We have tried demonstrating how to be gentle, praising good behaviour with dog, explaining that is is wrong to hurt any animal, that is may be dangerous to hurt animals, that she is our special pet dog and we must look after her - nothing seems to work. Recently we banned him from touching her at all for three days, explaining that he could not stroke her until he learned to behave appropriately. However after three days of being allowed to stroke her again he has just hit and pinched her in the face when I asked him to do something he didn't want to do (put his shoes on).

Does anyone have any advice? I wonder if there are any books which might be helpful - he loves to read.

Many thanks....


----------



## Dame Edna (May 17, 2007)

Hi Beebo

In this situation, I would be concerned about your son because he is provoking the dog and doesn't understand the risks  

At the moment, he is high risk around your dog.  I would be inclined to put the dog in a crate or keep them apart when you are not around to supervise.  Then, you can expose them to each other in a controlled, very gradual and safe way.

You said you are concerned that one day your dog might react in a negative way.  The only way to prevent this from happening is supervised and gradual exposure.

X


----------



## Beebo (Oct 21, 2012)

I agree Dame Edna - although our dog has been great, we don't trust our son to be with her unsupervised! 

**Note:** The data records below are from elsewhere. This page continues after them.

Lemma act_section_sigmaZ g m z :
  (forall y, exists x, g x = y) -> tiling_motion g m ->
  act_section Htri g (sigmaZ z) = sigmaZ (zact m z).
Proof.
  intros Hsurj [[Hperm _] [_ Hg]]; apply sigmaZ_ext.
  - intros h [Hh _]; apply Htri_half, Hh.
  - intros i k d; unfold zact; rewrite zcoord_mkZ3; unfold act_section; split.
    + intros [_ [h [[j [k0 [c [-> Hz]]]] Hint]]].
      destruct (Hperm j) as [i' <-].
      assert (Hii : forall p, Defs.interior (half i k d) p <->
                     Defs.interior (half i' (image_level m i' k0) (image_side m c)) p)
        by (intro p; rewrite Hint; apply interior_image_half; assumption).
      apply interior_half_inj in Hii; destruct Hii as [<- [-> ->]].
      unfold image_level, image_side; destruct (msign m), c; simpl in *; lia.
    + intro Hz; split; [apply Htri_half; eauto |].
      exists (half (mperm m i) (if msign m then k - mshift m i else mshift m i - k)%Z
                   (image_side m d)).
      split.
      * apply sigmaZ_half; unfold image_side; destruct (msign m), d; simpl in *; lia.
      * intro p; rewrite interior_image_half by assumption.
        replace (half i (image_level m i _) (image_side m (image_side m d))) with (half i k d);
          [reflexivity |].
        unfold image_level, image_side; destruct (msign m);
          [| rewrite Bool.negb_involutive]; f_equal; lia.
Qed.

Definition rcoord (x : R3) (i : idx) : R :=
  match i with I1 => fst (fst x) | I2 => snd (fst x) | I3 => snd x end.
Definition mkR3 (f : idx -> R) : R3 := ((f I1, f I2), f I3).

Lemma rcoord_mkR3 f i : rcoord (mkR3 f) i = f i.
Proof. destruct i; reflexivity. Qed.

Lemma mkR3_ext f f' : (forall i, f i = f' i) -> mkR3 f = mkR3 f'.
Proof. intro H; unfold mkR3; rewrite !H; reflexivity. Qed.

Lemma mkR3_rcoord x : mkR3 (rcoord x) = x.
Proof. destruct x as [[a b] c]; reflexivity. Qed.

Lemma rcoord_ofZ3 z i : rcoord (ofZ3 z) i = IZR (zcoord z i).
Proof. destruct i; reflexivity. Qed.

Lemma sum3_rcoord x : sum3 x = rcoord x I1 + rcoord x I2 + rcoord x I3.
Proof. reflexivity. Qed.

(* For a reflection the unit cube [z, z + 1] goes to [t - z - 1, t - z],
   whence the [- 1]. *)
Definition motion_affine (m : motion) (x : R3) : R3 :=
  mkR3 (fun i => if msign m then rcoord x (mperm m i) + IZR (mshift m i)
                 else IZR (mshift m i) - 1 - rcoord x (mperm m i)).

Lemma ofZ3_zact m z : ofZ3 (zact m z) = motion_affine m (ofZ3 z).
Proof.
  rewrite <- (mkR3_rcoord (ofZ3 (zact m z))); apply mkR3_ext; intro i.
  unfold zact; rewrite !rcoord_ofZ3, zcoord_mkZ3.
  destruct (msign m); [rewrite plus_IZR | rewrite !minus_IZR]; ring.
Qed.

Lemma motion_affine_affine m : affine3 (motion_affine m).
Proof.
  intros x y u; unfold motion_affine.
  change (comb3 u (mkR3 ?f) (mkR3 ?g)) with (mkR3 (fun i => u * f i + (1 - u) * g i)).
  apply mkR3_ext; intro i.
  replace (rcoord (comb3 u x y) (mperm m i))
    with (u * rcoord x (mperm m i) + (1 - u) * rcoord y (mperm m i))
    by (destruct (mperm m i); reflexivity).
  destruct (msign m); ring.
Qed.

Lemma sum3_motion_affine g m x : tiling_motion g m ->
  sum3 (motion_affine m x) = if msign m then sum3 x else -3 - sum3 x.
Proof.
  intros [[_ Hp] [Ht _]].
  assert (IZR (mshift m I1) + IZR (mshift m I2) + IZR (mshift m I3) = 0)
    by (rewrite <- !plus_IZR, Ht; reflexivity).
  pose proof (Hp (rcoord x)).
  rewrite (sum3_rcoord x), (sum3_rcoord (motion_affine m x)).
  unfold motion_affine; rewrite !rcoord_mkR3.
  destruct (msign m); lra.
Qed.

Definition motion_of (g : pt -> pt) : motion :=
  epsilon (inhabits (Motion true (fun i => i) (fun _ => 0%Z))) (tiling_motion g).

Definition action (g : pt -> pt) : R3 -> R3 := motion_affine (motion_of g).

Lemma motion_of_spec g : inG g -> tiling_motion g (motion_of g).
Proof. intro H; unfold motion_of; apply epsilon_spec, inG_tiling_motion, H. Qed.

Lemma action_eq g m : inG g -> tiling_motion g m -> action g = motion_affine m.
Proof.
  intros Hg [_ [_ Hm]]; destruct (motion_of_spec g Hg) as [_ [_ Hm']].
  destruct (moves_coords_unique g _ _ Hm' Hm) as [Es [Ep Et]].
  apply functional_extensionality; intro x; unfold action, motion_affine.
  rewrite Es; apply mkR3_ext; intro i; rewrite Ep, Et; reflexivity.
Qed.

Definition vertex_coords (S : (pt -> Prop) -> Prop) : Z3 :=
  epsilon (inhabits (0%Z, 0%Z, 0%Z)) (fun z => S = sigmaZ z).

Lemma vertex_coords_sigmaZ z : vertex_coords (sigmaZ z) = z.
Proof.
  apply sigmaZ_inj; symmetry; unfold vertex_coords.
  apply (epsilon_spec (inhabits (0%Z, 0%Z, 0%Z)) (fun w => sigmaZ z = sigmaZ w)); eauto.
Qed.

(** * Cubes *)

Definition star (v : Z3) (d : idx -> Z) (z : Z3) : Prop :=
  forall i, zcoord z i = zcoord v i \/ zcoord z i = (zcoord v i + d i)%Z.

Lemma isCubeZ3_star (D : Z3 -> Prop) v (d : idx -> Z) :
  (forall i, (-1 <= d i <= 1)%Z) -> (forall z, D z <-> star v d z) -> isCubeZ3 D.
Proof.
  intros Hd HD.
  exists (mkZ3 (fun i => Z.min (zcoord v i) (zcoord v i + d i))), (mkZ3 (fun i => Z.abs (d i))).
  pose proof (Hd I1); pose proof (Hd I2); pose proof (Hd I3); simpl.
  split; [lia | split; [lia | split; [lia |]]].
  intro z; rewrite HD; unfold star; split.
  - intro Hz; pose proof (Hz I1); pose proof (Hz I2); pose proof (Hz I3); simpl in *; lia.
  - intros Hz [| |]; simpl; lia.
Qed.

Lemma isCubeZ3_star_inv (D : Z3 -> Prop) : isCubeZ3 D ->
  exists v (u : idx -> Z), (forall i, (0 <= u i <= 1)%Z) /\ forall z, D z <-> star v u z.
Proof.
  intros [v [u [H1 [H2 [H3 HD]]]]]; exists v, (zcoord u); split; [intros [| |]; simpl; lia |].
  intro z; rewrite HD; unfold star; split.
  - intros Hz [| |]; simpl; lia.
  - intro Hz; pose proof (Hz I1); pose proof (Hz I2); pose proof (Hz I3); simpl in *; lia.
Qed.

Definition cell_dir (v : Z3) (l : list (pt -> Prop)) : idx -> Z := flip_dir v l (fun _ => True).

Lemma cell_dir_bounds v l i : (-1 <= cell_dir v l i <= 1)%Z.
Proof. unfold cell_dir, flip_dir; destruct (EM _); [| destruct (EM _)]; lia. Qed.

Lemma flip_points_star v l : no_opposite_halves v l ->
  forall z, (exists T, z = flip_point v l T) <-> star v (cell_dir v l) z.
Proof.
  intros Hn z; split.
  - intros [T ->] i; unfold flip_point, cell_dir, flip_dir; rewrite zcoord_mkZ3.
    specialize (Hn i).
    destruct (EM (In (cell_half v i true) l /\ T (cell_half v i true))) as [[H1 _] | N1].
    + destruct (EM (In (cell_half v i true) l /\ True)); [right; lia | tauto].
    + destruct (EM (In (cell_half v i false) l /\ T (cell_half v i false))) as [[H0 _] | N0];
        [| left; lia].
      destruct (EM (In (cell_half v i true) l /\ True)); [tauto |].
      destruct (EM (In (cell_half v i false) l /\ True)); [right; lia | tauto].
  - intro Hz; set (T := fun h => exists i c, h = cell_half v i c /\ zcoord z i <> zcoord v i).
    assert (HT : forall i c, T (cell_half v i c) <-> zcoord z i <> zcoord v i).
    { intros i c; split; [intros [j [d [E Hne]]]; apply cell_half_inj in E as [-> _]; exact Hne |].
      intro Hne; exists i, c; auto. }
    exists T; apply Z3_ext; intro i; unfold flip_point, flip_dir; rewrite zcoord_mkZ3.
    pose proof (HT i true) as HTt; pose proof (HT i false) as HTf.
    specialize (Hz i); specialize (Hn i); unfold cell_dir, flip_dir in Hz.
    destruct (EM (In (cell_half v i true) l /\ True)) as [[Ht _] | Nt].
    + destruct (EM (In (cell_half v i true) l /\ _)) as [[_ Hne] | N]; [apply HTt in Hne; lia |].
      destruct (EM (In (cell_half v i false) l /\ _)) as [[Hf _] | _]; [tauto |].
      destruct (Z.eq_dec (zcoord z i) (zcoord v i)); [lia | tauto].
    + destruct (EM (In (cell_half v i true) l /\ _)) as [[H1 _] | _]; [tauto |].
      destruct (EM (In (cell_half v i false) l /\ True)) as [[Hf _] | Nf].
      * destruct (EM (In (cell_half v i false) l /\ _)) as [[_ Hne] | N]; [apply HTf in Hne; lia |].
        destruct (Z.eq_dec (zcoord z i) (zcoord v i)); [lia | tauto].
      * destruct (EM (In (cell_half v i false) l /\ _)) as [[H0 _] | _]; [tauto | lia].
Qed.

Lemma cube_image v l (C : ((pt -> Prop) -> Prop) -> Prop) :
  cell_halves v l -> no_opposite_halves v l -> (forall S, C S -> exists z, S = sigmaZ z) ->
  (forall S, C S <-> exists T, S = flip (sigmaZ v) l T) <->
  (forall z, (exists S, C S /\ vertex_coords S = z) <-> star v (cell_dir v l) z).
Proof.
  intros Hl Hn HC.
  pose proof (fun T => flip_sigmaZ v l T Hl Hn) as Hflip.
  split.
  - intros HCf z; rewrite <- flip_points_star by exact Hn; split.
    + intros [S [HS <-]]; apply HCf in HS as [T ->]; exists T.
      rewrite Hflip, vertex_coords_sigmaZ; reflexivity.
    + intros [T ->]; exists (sigmaZ (flip_point v l T)).
      rewrite vertex_coords_sigmaZ, <- Hflip; split; [apply HCf; eauto | reflexivity].
  - intros Hstar S; split.
    + intro HS; destruct (HC S HS) as [z ->].
      assert (Hz : star v (cell_dir v l) z)
        by (apply Hstar; exists (sigmaZ z); rewrite vertex_coords_sigmaZ; auto).
      apply flip_points_star in Hz as [T ->]; [| exact Hn]; exists T; rewrite Hflip; reflexivity.
    + intros [T ->]; rewrite Hflip.
      assert (Hz : star v (cell_dir v l) (flip_point v l T))
        by (apply flip_points_star; eauto).
      apply Hstar in Hz as [S [HS E]]; destruct (HC S HS) as [z ->].
      rewrite vertex_coords_sigmaZ in E; subst z; exact HS.
Qed.

Lemma halves_independent i j a b c d (e f : bool) : i <> j ->
  exists y, (half i a c y <-> e = true) /\ (half j b d y <-> f = true).
Proof.
  intro ne.
  assert (Hlevel : forall a c (e : bool), exists n, zside c a n <-> e = true)
    by (intros a' c' e'; exists (if Bool.eqb c' e' then a' else (a' - 1)%Z);
        destruct c', e'; simpl; split; intro; try lia; discriminate).
  destruct (Hlevel a c e) as [n1 H1], (Hlevel b d f) as [n2 H2].
  destruct (point_with_coords i j (IZR n1 + /2) (IZR n2 + /2) ne) as [y [Hy1 Hy2]].
  exists y; rewrite (half_at_level _ _ _ _ _ Hy1), (half_at_level _ _ _ _ _ Hy2); auto.
Qed.

Lemma cross_halves i j a b c d : i <> j -> cross (half i a c) (half j b d).
Proof.
  intro ne; unfold cross.
  destruct (halves_independent i j a b c d true true ne) as [y1 H1].
  destruct (halves_independent i j a b c d true false ne) as [y2 H2].
  destruct (halves_independent i j a b c d false true ne) as [y3 H3].
  destruct (halves_independent i j a b c d false false ne) as [y4 H4].
  split; [| split; [| split]].
  - exists y1; rewrite (proj1 H1), (proj2 H1); split; reflexivity.
  - exists y2; rewrite (proj1 H2), (proj2 H2); split; [reflexivity | discriminate].
  - exists y3; rewrite (proj1 H3), (proj2 H3); split; [discriminate | reflexivity].
  - exists y4; rewrite (proj1 H4), (proj2 H4); split; discriminate.
Qed.

Lemma opposite_cell_halves_not_cross v i : ~ cross (cell_half v i true) (cell_half v i false).
Proof.
  intros [_ [_ [_ [y [H1 H2]]]]]; unfold cell_half, cell_level in *.
  rewrite half_iff in H1, H2; simpl in *; rewrite plus_IZR in H2; lra.
Qed.

Lemma isCubeX_flips p0 C : isCubeX Htri p0 C ->
  exists v l, cell_halves v l /\ no_opposite_halves v l /\
              forall S, C S <-> exists T, S = flip (sigmaZ v) l T.
Proof.
  intros [S [l [HS [_ [Hin [Hcr [Hfl HC]]]]]]].
  apply vertexX_iff in HS as [v ->]; exists v, l; split; [| split; [| exact HC]].
  - intros h Hh; apply (admissible_flip_cell_half v l h Hh (Hin h Hh)).
    destruct (proj1 (vertexX_iff p0 _) (Hfl h Hh)) as [w ->]; apply sigmaZ_admissible.
  - intros i [H1 H0]; apply (opposite_cell_halves_not_cross v i), Hcr; [exact H1 | exact H0 |].
    intro E; apply cell_half_inj in E as [_ E]; discriminate.
Qed.

Lemma isCubeX_cell p0 v l (C : ((pt -> Prop) -> Prop) -> Prop) :
  cell_halves v l -> no_opposite_halves v l -> NoDup l ->
  (forall S, C S <-> exists T, S = flip (sigmaZ v) l T) -> isCubeX Htri p0 C.
Proof.
  intros Hl Hn Hnd HC; exists (sigmaZ v), l.
  split; [apply vertexX_sigmaZ | split; [exact Hnd | split; [| split; [| split; [| exact HC]]]]].
  - intros h Hh; destruct (Hl h Hh) as [i [c ->]]; apply sigmaZ_cell_half.
  - intros h k Hh Hk ne; destruct (Hl h Hh) as [i [c ->]], (Hl k Hk) as [j [d ->]].
    destruct (idx_eq_dec i j) as [<- | nij]; [| apply cross_halves, nij].
    exfalso; destruct c, d; try (apply ne; reflexivity); apply (Hn i); auto.
  - intros h Hh; rewrite flip_sigmaZ by assumption; apply vertexX_sigmaZ.
Qed.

It would be really helpful if any others who have been in similar situations could advise about how they taught their child to move on from their behaviours...


----------



## Mummy DIY Diva (Feb 18, 2012)

Our daughter was like this with our dog. She basically did it if she was annoyed when she thought no one was looking.  I gave constant reinforcement of gentle hands with the dog praised her for any gentle action.  Let her help with brushing giving treats etc to build relationship.  Also I gave her a roasting for hurting the dog and wouldn't allow her to touch him after like you.  I'd tell her things she could hit e.g. cushions sofa teddies if she was cross.  In time she loved him and wouldn't want to hurt him.  She definitely loved the dog before us which helped.  We're a year in and she's brilliant with him and has for months now xxx


----------



## Beebo (Oct 21, 2012)

Thanks DIY Diva. That is great advice and very encouraging to hear...


----------



## GERTIE179 (Apr 20, 2005)

It's best to supervise or separate until LO settles more and you can mirror behaviour and teach them to understand.

Like Diva, our LO bonded to our dog and loved him but any anxiety he had he felt the need to lash out at the dog. Unfortunately I had to separate them to protect my dog and not dare give SWs something to worry about. I actually trusted the dog more than my son. 

Over time, he has learned and treats the dog with lots of respect but if wobbly/anxious then he's been known to try and be rough to the dog so we go back to separating and dealing with his Wobblies. Once it's passed we get him to apologise and do something nice for the dog to reiterate the dog gets respect as we don't hurt in our house. The dog is also well trained in that he knows his place in the household.
Hope this helps x


----------